### WORK TO BE COMPLETED
Keep to one stretch of the data below, the lines from the one with "joint m p c a * (if E (a, (c" up to and including the one with "expR (- eps)", and return that stretch exactly.

--------------------------------------------------

(* Let $X,a,b$ be variables, let $C_k=\frac1{k+1}\binom{2k}{k}$ denote the Catalan numbers, and let $U_n(x)$ be the Chebyshev polynomials of the second kind, defined by $\sum_{n\ge0}U_n(x)z^n=\frac1{1-2xz+z^2}$, with $U_{-1}(x)=0$. Then for all positive integers $n$, $$\det_{0\le i,j\le n-1}\left(X(-2a)^{i+j+1}+\sum_{k=0}^{\lfloor(i+j)/2\rfloor}(-2a)^{i+j-2k}C_k-b\Big(X(-2a)^{i+j}+\sum_{k=0}^{\lfloor(i+j-1)/2\rfloor}(-2a)^{i+j-2k-1}C_k\Big)\right)$$ $$=U_{n-1}(b/2)\big(XU_n(-a)+U_{n-1}(-a)\big)-U_n(b/2)\big(XU_{n-1}(-a)+U_{n-2}(-a)\big).$$
   Context: An empty sum equals $0$. *)

From HB Require Import structures.
From mathcomp Require Import all_boot all_order all_algebra.
Set Implicit Arguments. Unset Strict Implicit. Unset Printing Implicit Defensive.
Import Order.TTheory GRing.Theory Num.Theory.
Local Open Scope ring_scope.

Definition catalan (k : nat) : nat := ('C(k.*2, k) %/ k.+1)%N.

(* Chebyshev polynomials of the second kind evaluated at x, via the
   recurrence equivalent to sum_n U_n(x) z^n = 1/(1 - 2xz + z^2):
   U_0 = 1, U_1 = 2x, U_{n+2} = 2x U_{n+1} - U_n. *)
Fixpoint chebU_pair {R : ringType} (x : R) (n : nat) : R * R :=
  match n with
  | 0 => (1, 2%:R * x)
  | m.+1 => let p := chebU_pair x m in (p.2, 2%:R * x * p.2 - p.1)
  end.

Definition chebU {R : ringType} (n : nat) (x : R) : R := (chebU_pair x n).1.

(* chebUm1 n x = U_{n-1}(x), with the convention U_{-1}(x) = 0. *)
Definition chebUm1 {R : ringType} (n : nat) (x : R) : R :=
  if n is k.+1 then chebU k x else 0.

From HB Require Import structures.
From mathcomp Require Import all_boot all_order all_algebra.
From mathcomp Require Import ring zify.
Set Implicit Arguments. Unset Strict Implicit. Unset Printing Implicit Defensive.
Import Order.TTheory GRing.Theory Num.Theory.
Local Open Scope ring_scope.

(* The moments C_(k/2) (zero for odd k) define a linear functional L on R[x]
   for which the monic Chebyshev polynomials S_n(x) = U_n(x/2) are
   orthonormal.  With c = -2a, the matrix entries are m_(i+j+1) - b m_(i+j),
   where m_N are the moments of the functional Λ with Λ(1) = X and
   Λ((x - c) q) = L(q); so the matrix is the Gram matrix of
   (p, q) |-> Λ(p q (x - b)) in the monomial basis.  Passing to the monic
   bases S_i (rows) and s_j with (x - b) s_j = (x - c) S_j + (c - b) S_j(b)
   (columns) does not change the determinant and turns the matrix into the
   identity plus the rank-one matrix ((c - b) Λ(S_i) S_j(b))_(i,j).  Since
   S_i(b) and Λ(S_i) satisfy the Chebyshev recurrence with parameters b and c,
   the resulting sum 1 + (c - b) Σ_i S_i(b) Λ(S_i) telescopes to the
   Casoratian S_(n-1)(b) Λ(S_n) - S_n(b) Λ(S_(n-1)). *)

Section ChebyshevS.
Variable R : nzRingType.
(* Let $\delta\in(0,1]$, $p\in[0,1]$ and $n\in\mathbb{N}$ with $p\ge\frac{16\ln(2/\delta)}{n}$, and let $$\varepsilon=\log\left(1+\frac{\sqrt{64\log(4/\delta)}}{\sqrt{pn}}+\frac{8}{pn}\right).$$ Let $C\sim\mathrm{Bin}(n-1,p)$ and, conditionally on $C$, $A\sim\mathrm{Bin}(C,1/2)$. Let $P=(A+1,C-A)$ and $Q=(A,C-A+1)$. Then $$\Pr_{z\sim P}\left(-\varepsilon\le\ln\frac{\Pr(P=z)}{\Pr(Q=z)}\le\varepsilon\right)\ge1-\delta\quad\text{and}\quad\Pr_{z\sim Q}\left(-\varepsilon\le\ln\frac{\Pr(P=z)}{\Pr(Q=z)}\le\varepsilon\right)\ge1-\delta.$$ In particular, $P$ and $Q$ are $(\varepsilon,\delta)$-indistinguishable.
   Context: Two random variables $P,Q$ on the same space are $(\varepsilon,\delta)$-indistinguishable if for every event $E$, $e^{-\varepsilon}(\Pr(Q\in E)-\delta)\le\Pr(P\in E)\le e^{\varepsilon}\Pr(Q\in E)+\delta$. $\mathrm{Bin}(m,p)$ is the binomial distribution. *)

From mathcomp Require Import all_boot all_order all_algebra.
From mathcomp Require Import all_classical all_reals all_analysis.
Set Implicit Arguments. Unset Strict Implicit. Unset Printing Implicit Defensive.
Import Order.TTheory GRing.Theory Num.Theory.
Local Open Scope ring_scope.

(* Joint law of (C, A): C ~ Bin(m, p), A | C ~ Bin(C, 1/2).
   joint m p c a = Pr(C = c, A = a). *)
Definition joint {R : realType} (m : nat) (p : R) (c a : nat) : R :=
  ('C(m, c))%:R * p ^+ c * (1 - p) ^+ (m - c) * ('C(c, a))%:R / 2 ^+ c.

Definition PrP {R : realType} (m : nat) (p : R) (E : pred (nat * nat)) : R :=
  \sum_(0 <= c < m.+1) \sum_(0 <= a < c.+1)
     joint m p c a * (if E (a.+1, c - a)%N then 1 else 0).

Definition PrQ {R : realType} (m : nat) (p : R) (E : pred (nat * nat)) : R :=
  \sum_(0 <= c < m.+1) \sum_(0 <= a < c.+1)
     joint m p c a * (if E (a, (c - a).+1)%N then 1 else 0).

Definition pmfP {R : realType} (m : nat) (p : R) (z : nat * nat) : R :=
  PrP m p (pred1 z).
Definition pmfQ {R : realType} (m : nat) (p : R) (z : nat * nat) : R :=
  PrQ m p (pred1 z).

(* the event -eps <= ln(Pr(P=z)/Pr(Q=z)) <= eps; the log-ratio is only
   a finite real number when both masses are positive *)
Definition good_event {R : realType} (m : nat) (p eps : R) : pred (nat * nat) :=
  fun z => [&& 0 < pmfP m p z, 0 < pmfQ m p z &
              - eps <= ln (pmfP m p z / pmfQ m p z) <= eps].

Definition indist {R : realType} (m : nat) (p eps delta : R) : Prop :=
  forall E : pred (nat * nat),
    expR (- eps) * (PrQ m p E - delta) <= PrP m p E /\
    PrP m p E <= expR eps * PrQ m p E + delta.

From mathcomp Require Import all_boot all_order all_algebra.
From mathcomp Require Import all_classical all_reals all_analysis.
From mathcomp Require Import lra zify ring.
Import Order.TTheory GRing.Theory Num.Theory.
Local Open Scope ring_scope.

(* Write B = C - A and r = exp eps.  At a support point z = (k + 1, c - k) of P
   the masses are Pr(C = c, A = k) and Pr(C = c, A = k + 1), whose ratio is
   (k + 1)/(c - k); so z is good iff k + 1 <= r (c - k) and c - k <= r (k + 1).
   - Symmetry: (A, B) is exchangeable, so Q is P with its coordinates swapped
     and the good event is swap-invariant.  The statement for Q and the lower
     half of indistinguishability thus follow from the statements for P.
   - Chernoff bound: the bad-event indicator is dominated by exponentials whose
     mean is computed from E[x^A y^B] = (1 - p + p (x + y)/2)^(n-1).
   - Estimates (section Estimates): for lam = sqrt(ln(4/delta)/(pn))/2 this
     exponential moment is at most delta, via a rational inequality in 2 lam.
   Indistinguishability follows by splitting an event along the good event,
   on which Pr(P = z) <= r Pr(Q = z). *)

Section Estimates.
Variable R : realType.
Implicit Types (s u v x : R).

Lemma ln_ratio_bounds (x y r : R) : 0 < x -> 0 < y -> 0 < r ->
  (- ln r <= ln (x / y) <= ln r) = (x <= r * y) && (y <= r * x).
Proof.
move=> x0 y0 r0.
rewrite -lnV ?posrE // !ler_ln ?posrE ?invr_gt0 ?divr_gt0 //.
by rewrite ler_pdivlMr // ler_pdivrMr // ler_pdivrMl // andbC.
Qed.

--------------------------------------------------

### WRITTEN SOLUTION
     joint m p c a * (if E (a, (c - a).+1)%N then 1 else 0).

Definition pmfP {R : realType} (m : nat) (p : R) (z : nat * nat) : R :=
  PrP m p (pred1 z).
Definition pmfQ {R : realType} (m : nat) (p : R) (z : nat * nat) : R :=
  PrQ m p (pred1 z).

(* the event -eps <= ln(Pr(P=z)/Pr(Q=z)) <= eps; the log-ratio is only
   a finite real number when both masses are positive *)
Definition good_event {R : realType} (m : nat) (p eps : R) : pred (nat * nat) :=
  fun z => [&& 0 < pmfP m p z, 0 < pmfQ m p z &
              - eps <= ln (pmfP m p z / pmfQ m p z) <= eps].

Definition indist {R : realType} (m : nat) (p eps delta : R) : Prop :=
  forall E : pred (nat * nat),
    expR (- eps) * (PrQ m p E - delta) <= PrP m p E /\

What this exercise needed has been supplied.